Raw data Block Start

Lemma in_free_vars x p : free_in x p = true -> In x (free_vars p).
Proof.
  induction p; simpl; intros H.
  - induction l as [| [y | k] l IH]; simpl in *; try discriminate.
    + apply orb_true_iff in H. destruct H as [H | H].
      * left. symmetry. apply Nat.eqb_eq, H.
      * right. auto.
    + auto.
  - apply in_or_app. apply orb_true_iff in H. destruct H; auto.
  - apply in_or_app. apply orb_true_iff in H. destruct H; auto.
  - discriminate.
  - destruct (Nat.eqb x n); [discriminate | auto].
  - destruct (Nat.eqb x n); [discriminate | auto].
Qed.

Lemma free_in_close x l p :
  free_in x (close l p) = true -> free_in x p = true /\ ~ In x l.
Proof.
  induction l as [| y l IH]; simpl; intros H; [auto |].
  destruct (Nat.eqb_spec x y); [discriminate |].
  destruct (IH H) as [Hp Hl]. split; [exact Hp |]. intros [-> | Hin]; auto.
Qed.

Lemma sentence_closure p : sentence (closure p).
Proof.
  intros x. destruct (free_in x (closure p)) eqn:E; [| reflexivity].
  destruct (free_in_close _ _ _ E) as [Hp Hnot].
  exfalso. apply Hnot, in_free_vars, Hp.
Qed.

Lemma vee_close_l G l a b :
  sentence a -> prv G (fvee b a) -> prv G (fvee (close l b) a).
Proof.
  intros Ha H. induction l as [| x l IH]; simpl; [exact H |].
  apply (prv_mp _ _ _ (prv_gen _ x _ IH)), prv_ax, ax_lin, Ha.
Qed.

Theorem mainTheorem3 (G : theory) (alpha phi psi beta : form) :
  sentence alpha ->
  prv (add G alpha) phi ->
  prv (add G beta) psi ->
  prv (add G (fvee alpha beta)) (fvee phi psi).
Proof.
  intros Ha Hphi Hpsi.
  set (T := add G (fvee alpha beta)).
  set (phi' := closure phi). set (beta' := closure beta).
  assert (Hab' : prv T (fvee alpha beta')).
  { apply (prv_mp _ (fvee beta' alpha)); [| apply vee_comm].
    apply vee_close_l; [exact Ha |].
    apply (prv_mp _ _ _ (prv_add_new _ _)), vee_comm. }
  assert (Hphi'beta' : prv T (fvee phi' beta')).
  { apply (prv_add_cut _ _ _ _ (prv_add_vee _ _ _ _ (sentence_closure beta)
                                  (close_intro _ _ _ Hphi))), Hab'. }
  assert (Hpsi' : prv (add G beta') psi).
  { apply (prv_add_cut _ _ _ _ Hpsi).
    apply (prv_mp _ _ _ (prv_add_new _ _)), close_elim. }
  assert (Hpsiphi' : prv T (fvee psi phi')).
  { apply (prv_add_cut _ _ _ _ (prv_add_vee _ _ _ _ (sentence_closure phi) Hpsi')).
    apply (prv_mp _ _ _ Hphi'beta'), vee_comm. }
  apply (prv_mp _ (fvee phi' psi)).
  - apply (prv_mp _ _ _ Hpsiphi'), vee_comm.
  - apply vee_mono_l, close_elim.
Qed.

Raw data Block End

#### [Activity]
The required answer is the exact run of lines above starting at the line with "sentence a ->" and ending at the line with "prv (add G beta) psi ->", with both ends present.

#### [Result of the exercise]
  sentence a -> prv G (fvee b a) -> prv G (fvee (close l b) a).
Proof.
  intros Ha H. induction l as [| x l IH]; simpl; [exact H |].
  apply (prv_mp _ _ _ (prv_gen _ x _ IH)), prv_ax, ax_lin, Ha.
Qed.

Theorem mainTheorem3 (G : theory) (alpha phi psi beta : form) :
  sentence alpha ->
  prv (add G alpha) phi ->
  prv (add G beta) psi ->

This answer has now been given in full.